The connectome reconstructed by the FlyWire Consortium is that of a 7-day-old adult female D. melanogaster from a [iso] w1118 × [iso] Canton-S G1 cross1. The EM images were aligned and neurons were automatically reconstructed using deep learning and computer vision methods, then proofread by the community2,3. Neuron cell types and community labels were also attached to these data5,56. The brain is divided into 78 distinct anatomical brain regions, or neuropils61.

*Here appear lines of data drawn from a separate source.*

Lemma swap_tr_exists : exists h : T3 -> S,
  additive_map h /\ forall xi phi, h (tens3 xi phi) = tr (sigma (tens2 phi (starO xi))).
Proof.
case: calculus => _ [_ [_ [_ [_ [starO_add [_ [starO_rmul _]]]]]]].
case: tensorT2 => _ [addl2 [addr2 [bal2 _]]].
case: connection => _ [_ [_ [[sigma_add _] _]]]; case: tr_bimod => tr_add _.
apply: (tensor_lift tensorT3) => [m1 m2 n|m n1 n2|m a n].
- by rewrite starO_add addr2 sigma_add tr_add.
- by rewrite addl2 sigma_add tr_add.
- by rewrite starO_rmul /conj_l bal2.
Qed.

Lemma J_Dirac phi : J (D phi) = lS (eps'%:A) (D (J phi)).
Proof.
case: calculus => _ [_ [_ [_ [_ [_ [_ [_ [starO_inv _]]]]]]]].
case: connection => _ [_ [_ [[sigma_add _] _]]]; case: tr_bimod => tr_add _.
case: bimoduleS => lS_add _.
have [idj [idj_add idjE]] := tensor_id_map tensorT1 tensorT3 J_add J_lmul.
have [Psi [Psi_add PsiE]] := swap_star_exists.
have [h [h_add hE]] := swap_tr_exists.
have J_tr : forall x, J (tr x) = lS (eps'%:A) (h (idj x)).
  apply: (tensor_ext tensorT1 (g1 := J \o tr)) => [x1 x2|x1 x2|xi psi] /=.
  - by rewrite tr_add J_add.
  - by rewrite idj_add h_add lS_add.
  - by rewrite tr_J idjE hE.
have h_Psi : forall t, h (Psi t) = tr (sigma t).
  apply: (tensor_ext tensorT2 (g1 := h \o Psi)) => [t1 t2|t1 t2|psi xi] /=.
  - by rewrite Psi_add h_add.
  - by rewrite sigma_add tr_add.
  - by rewrite PsiE hE starO_inv.
case: sigma_bij => sigma_inv _ sigmaK.
by rewrite /D J_tr (nabla_J idj_add Psi_add idjE PsiE (sigmaK _)) h_Psi sigmaK.
Qed.

End Reality.
End DiracOperator.

Theorem mainTheorem4
  (C : numClosedFieldType) (A : algType C) (star : A -> A)
  (O : zmodType) (lO : A -> O -> O) (rO : O -> A -> O) (d : A -> O) (starO : O -> O)
  (S : zmodType) (lS : A -> S -> S) (rS : S -> A -> S)
  (T1 : zmodType) (l1 : A -> T1 -> T1) (r1 : T1 -> A -> T1) (tens1 : O -> S -> T1)
  (T2 : zmodType) (l2 : A -> T2 -> T2) (r2 : T2 -> A -> T2) (tens2 : S -> O -> T2)
  (T3 : zmodType) (l3 : A -> T3 -> T3) (r3 : T3 -> A -> T3) (tens3 : O -> S -> T3)
  (eps eps' : C) (J : S -> S) (nabla : S -> T1) (sigma : T2 -> T1) (tr : T1 -> S) :
  star_algebra star ->
  star_calculus1 star lO rO d starO ->
  bimodule lS rS ->
  is_tensor lO rO lS rS l1 r1 tens1 ->
  is_tensor lS rS lO rO l2 r2 tens2 ->
  is_tensor lO rO (conj_l star rS) (conj_r star lS) l3 r3 tens3 ->
  is_sign eps -> is_sign eps' ->
  additive_map J ->
  (forall a phi, J (lS a phi) = rS (J phi) (star a)) ->
  (forall a phi, J (rS phi a) = lS (star a) (J phi)) ->
  (forall phi, J (J phi) = lS (eps%:A) phi) ->
  left_bimod_connection lO rO d lS rS l1 r1 tens1 l2 r2 tens2 nabla sigma ->
  bijective sigma ->
  (forall (idj : T1 -> T3) (Psi : T2 -> T3),
      additive_map idj -> additive_map Psi ->
      (forall xi phi, idj (tens1 xi phi) = tens3 xi (J phi)) ->
      (forall phi xi, Psi (tens2 phi xi) = tens3 (starO xi) phi) ->
      forall psi t, sigma t = nabla (J psi) -> idj (nabla psi) = Psi t) ->
  bimod_map l1 r1 lS rS tr ->
  (forall xi phi, J (tr (tens1 xi phi))
                  = lS (eps'%:A) (tr (sigma (tens2 (J phi) (starO xi))))) ->
  let D := fun phi => tr (nabla phi) in
  ((forall phi, J (J phi) = lS (eps%:A) phi) /\
   (forall Ji : S -> S, cancel J Ji -> cancel Ji J ->
      ((forall a b phi, lS a (J (lS b (Ji phi))) = J (lS b (Ji (lS a phi)))) /\
          (forall phi, J (D phi) = lS (eps'%:A) (D (J phi)))
        /\ (forall a b phi,
             let Da := fun psi => D (lS a psi) - lS a (D psi) in
             let Jb := fun psi => J (lS b (Ji psi)) in
             Da (Jb phi) - Jb (Da phi) = 0)))) /\
  (forall (gamma : S -> S) (eps'' : C),
     is_sign eps'' ->
     bimod_map lS rS lS rS gamma ->
     (forall phi, gamma (gamma phi) = phi) ->
     (forall idg : T1 -> T1, additive_map idg ->
        (forall xi phi, idg (tens1 xi phi) = tens1 xi (gamma phi)) ->
        (forall phi, nabla (gamma phi) = idg (nabla phi)) /\
        (forall t, gamma (tr t) = - tr (idg t))) ->
     (forall phi, J (gamma phi) = lS (eps''%:A) (gamma (J phi))) ->
     ((forall a phi, gamma (lS a phi) = lS a (gamma phi)) /\
         (forall phi, J (gamma phi) = lS (eps''%:A) (gamma (J phi))) /\
         (forall phi, D (gamma phi) = - gamma (D phi)))).
Proof.
move=> [_ [_ [_ star_inv]]] calculus bimoduleS
  tensorT1 tensorT2 tensorT3 _ _ J_add J_lmul _ JJ connection sigma_bij nabla_J
  tr_bimod tr_J D; rewrite {}/D.
split; [split=> // Ji _ JiK; split; [|split]|].
- case: bimoduleS => _ [_ [_ [_ [_ [_ [_ [_ [lrS _]]]]]]]].
  exact: lmul_commutes_J_conj_lmul J_lmul JiK lrS.
- exact: (J_Dirac tensorT1 tensorT2 tensorT3 connection tr_bimod star_inv calculus
    bimoduleS J_add J_lmul sigma_bij nabla_J tr_J).
- move=> a b phi; rewrite !(J_conj_lmul J_lmul JiK).
  exact: (Dirac_first_order tensorT1 connection tr_bimod a (star b) phi).
- move=> gamma eps'' _ gamma_bimod _ gamma_parity J_gamma.
  split; first by case: gamma_bimod => _ [].
  split=> // phi.
  exact: (Dirac_anticommutes_grading tensorT1 gamma_bimod gamma_parity phi).
Qed.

All analyses presented in this paper were performed on the v630 snapshot of the dataset. The v630 snapshot contains 127,978 neurons and 2,613,129 thresholded connections. The central brain of the fly was fully proofread, with the optic lobes around 80% complete. Most of the neurons missing from the v630 snapshot were photoreceptors, and we do not expect that the addition of these neurons would significantly alter our whole-brain network results. At the time of publication, the most up-to-date version of the dataset is the v783 snapshot, containing 139,255 neurons, 2,701,601 thresholded connections and completed optic lobes. Both data snapshots are available at Codex (https://codex.flywire.ai).

Synaptic connections and thresholding

Synapses were detected algorithmically28,62, with each synapse receiving a confidence score. We then removed synapses if either the pre- or postsynaptic location of the synapse was not assigned to a segment or if the synapse had a confidence score of less than 50. We then set a threshold of five synapses per connection between neurons for most of our analyses to reduce the impact of spurious connections. This threshold is also consistent across our companion papers on the whole-brain Drosophila connectome3,5. We used a threshold because manual proofreading of the dataset did not extend to individual synapses3. Thresholding connections by synapse number was previously implemented in the hemibrain connectome, with similar rationale31. This is a conservative threshold and is likely to result in an undercounting of true connections. We assessed key statistics as a function the threshold to ensure that our qualitative observations hold over a range of threshold choices (Extended Data Fig. 1b,c).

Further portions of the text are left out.